Certes, le Un tout seul que Lacan formalise dans son dernier enseignement n’est pas le Un de la fusion, c’est le Un de la solitude de la jouissance, qui ne s’articule pas à un savoir, à un S2 qui pourrait faire sens ou lien. Mais quand les Pfefferman se retrouvent, tous les Uns en tant que membres de la même famille semblent pouvoir se rassembler. Faisons l’hypothèse alors que chaque Un des Pfefferman tente de suppléer au non-rapport sexuel avec la famille, la communauté. Ils font ex-sister la famille, une famille somme toute moderne. Et cela n’est sans doute pas sans lien avec leur judéité, la famille ayant une place importante dans le judaïsme.

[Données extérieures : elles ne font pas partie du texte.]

(* Let $(\mathcal S,\mathcal A,H,P,R,\mu)$ be an episodic tabular MDP as in the context. Suppose the actions do not affect the transitions, i.e., $P_h(s'\mid s,a)=P_h(s'\mid s)$ for all $h,s,a,s'$. Then $CR^L(P)=\frac1A$ for every $L\in[H]$.
   Context: Episodic tabular MDP $(\mathcal S,\mathcal A,H,P,R,\mu)$: finite state space $\mathcal S$ with $|\mathcal S|=S$, finite action space $\mathcal A$ with $|\mathcal A|=A$, horizon $H\in\mathbb N$, transition kernels $P_h(\cdot\mid s,a)$, initial state distribution $\mu$, and random non-negative rewards $R_h(s,a)$ for $(h,s,a)\in\mathcal X:=[H]\times\mathcal S\times\mathcal A$. Initially $s_1\sim\mu$; at step $h$ the agent in state $s_h$ picks $a_h$, receives $R_h(s_h,a_h)$ and moves to $s_{h+1}\sim P_h(\cdot\mid s_h,a_h)$. All rewards are drawn before the interaction. The vectors $\mathcal R_h=\{R_h(s,a)\}_{s,a}$ for different $h$ are mutually independent (entries of one $\mathcal R_h$ may be arbitrarily correlated); rewards are independent of transitions, and transitions are independent across steps. Let $r_h(s,a)=\mathbb E[R_h(s,a)]$ and let $\mathcal D(r)$ denote the set of all such reward distributions with means $r$. For $L\in\{0,\dots,H\}$ an $L$-lookahead policy draws $a_h\sim\pi_h(\cdot\mid s_h,\mathcal R_h^L)$, where $\mathcal R_h^L=(\mathcal R_t)_{h\le t\le\min(h+L-1,H)}$ and $\mathcal R_h^0=\emptyset$; $\Pi^L$ is the set of these policies. The value is $V^{L,\pi}(P,r)=\mathbb E[\sum_{h=1}^H R_h(s_h,a_h)]$, and $V^{L,*}(P,r)=\sup_{\pi\in\Pi^L}V^{L,\pi}(P,r)$. The competitive ratio is $CR^L(P,r)=\inf_{\mathcal D(r)}V^{0,*}(P,r)/V^{L,*}(P,r)$, with the convention that any division by zero equals $+\infty$. Also $CR^L(P)=\inf\{CR^L(P,r): r_h\in[0,1]^{SA}\ \forall h\}$. *)

From HB Require Import structures.
From mathcomp Require Import all_boot all_order all_algebra.
From mathcomp Require Import all_classical all_reals all_analysis.
Set Implicit Arguments. Unset Strict Implicit. Unset Printing Implicit Defensive.
Import Order.TTheory GRing.Theory Num.Theory.
Local Open Scope classical_set_scope.
Local Open Scope ring_scope.

(* Steps h = 1..H of the paper are indexed 0..H-1 here (h < H).            *)
Section EpisodicMDP.
Variables (R : realType) (S A : finType) (H : nat).

Definition is_distr (mu : S -> R) : Prop :=
  (forall s, 0 <= mu s) /\ \sum_(s : S) mu s = 1.

Definition is_kernel (P : nat -> S -> A -> S -> R) : Prop :=
  forall h, (h < H)%N -> forall s a,
    (forall s', 0 <= P h s a s') /\ \sum_(s' : S) P h s a s' = 1.

Definition action_independent (P : nat -> S -> A -> S -> R) : Prop :=
  forall h, (h < H)%N -> forall s a a' s', P h s a s' = P h s a' s'.

(* The lookahead window R_h^L = (R_t)_{h <= t <= min(h+L-1, H)} seen at step h,
   encoded as a function of the offset k = t - h; entries outside the window
   are masked to the constant 0 (so a policy cannot depend on them). *)
Definition window {T : Type} (L : nat) (Rw : nat -> S -> A -> T -> R) (w : T)
  (h : nat) : nat -> S -> A -> R :=
  fun k s a => if ((k < L) && (h + k < H))%N then Rw (h + k)%N s a w else 0.

(* A (randomized) lookahead policy: pi h s W a = pi_h(a | s, W). *)
Definition policy := nat -> S -> (nat -> S -> A -> R) -> A -> R.

Definition is_policy (pi : policy) : Prop :=
  forall h s W, (forall a, 0 <= pi h s W a) /\ \sum_(a : A) pi h s W a = 1.

Definition traj := {ffun 'I_H -> S * A}.

Definition traj_prob {T : Type} (mu : S -> R) (P : nat -> S -> A -> S -> R)
  (L : nat) (Rw : nat -> S -> A -> T -> R) (pi : policy) (w : T) (tau : traj) : R :=
  (\prod_(i : 'I_H | val i == 0%N) mu (tau i).1) *
  (\prod_(i : 'I_H) pi i (tau i).1 (window L Rw w i) (tau i).2) *
  (\prod_(i : 'I_H) \prod_(j : 'I_H | val j == (val i).+1)
      P i (tau i).1 (tau i).2 (tau j).1).

Definition traj_return {T : Type} (Rw : nat -> S -> A -> T -> R) (w : T)
  (tau : traj) : R :=
  \sum_(i : 'I_H) Rw i (tau i).1 (tau i).2 w.

Definition value (d : measure_display) (Om : measurableType d)
  (Pr : probability Om R) (mu : S -> R) (P : nat -> S -> A -> S -> R)
  (L : nat) (Rw : nat -> S -> A -> Om -> R) (pi : policy) : \bar R :=
  (\int[Pr]_w (\sum_(tau : traj)
      traj_prob mu P L Rw pi w tau * traj_return Rw w tau)%:E)%E.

Concluons avec Lacan : « Là où il n’y a pas de rapport sexuel, ça fait “troumatisme”. On invente. On invente ce qu’on peut, bien sûr7Lacan J., Le Séminaire, livre xxi, « Les non-dupes errent », leçon du 19 février 1974 (1973-1974), inédit.». Eh bien, disons-le, la famille Pfefferman invente à merveille !


  • 1
    Soloway J., Transparent, États-Unis, Amazon Video, 2014-2019.
  • 2
    Lacan J., « Conférences et entretiens dans les universités américaines, Yale University, Kanzer Seminar, 24 novembre 1975 », Scilicet, n° 6/7, Paris, Seuil, Le Champ freudien, 1976, p. 19. Et Lacan de poursuivre ainsi : « C’est la base et le principe de l’idée même de fiasco… pourquoi il y a tant d’actes manqués. Freud a parfaitement indiqué qu’un acte manqué a toujours affaire avec le sexe. L’acte manqué par excellence est précisément l’acte sexuel. »
  • 3
    Cf. Lacan J., « Le jouir de l’être parlant s’articule », La Cause du désir, n°101, 2019, p. 12. Il nous dit précisément : « Le réel pour l’être parlant, c’est qu’il se perd quelque part, et où ? C’est là que Freud a mis l’accent, il se perd dans le rapport sexuel. »
  • 4
    Ibid.
  • 5
    Miller J.-A., « Le réel, signifiant extrême », Lire Lacan au xxie siècle, sous la direction de Fabienne Hulak, Champ social, 2019. p. 25.
  • 6
    Miller J.-A., « L’analyste et son inconscient », Quarto, n° 119, 2018, p. 11.
  • 7
    Lacan J., Le Séminaire, livre xxi, « Les non-dupes errent », leçon du 19 février 1974 (1973-1974), inédit.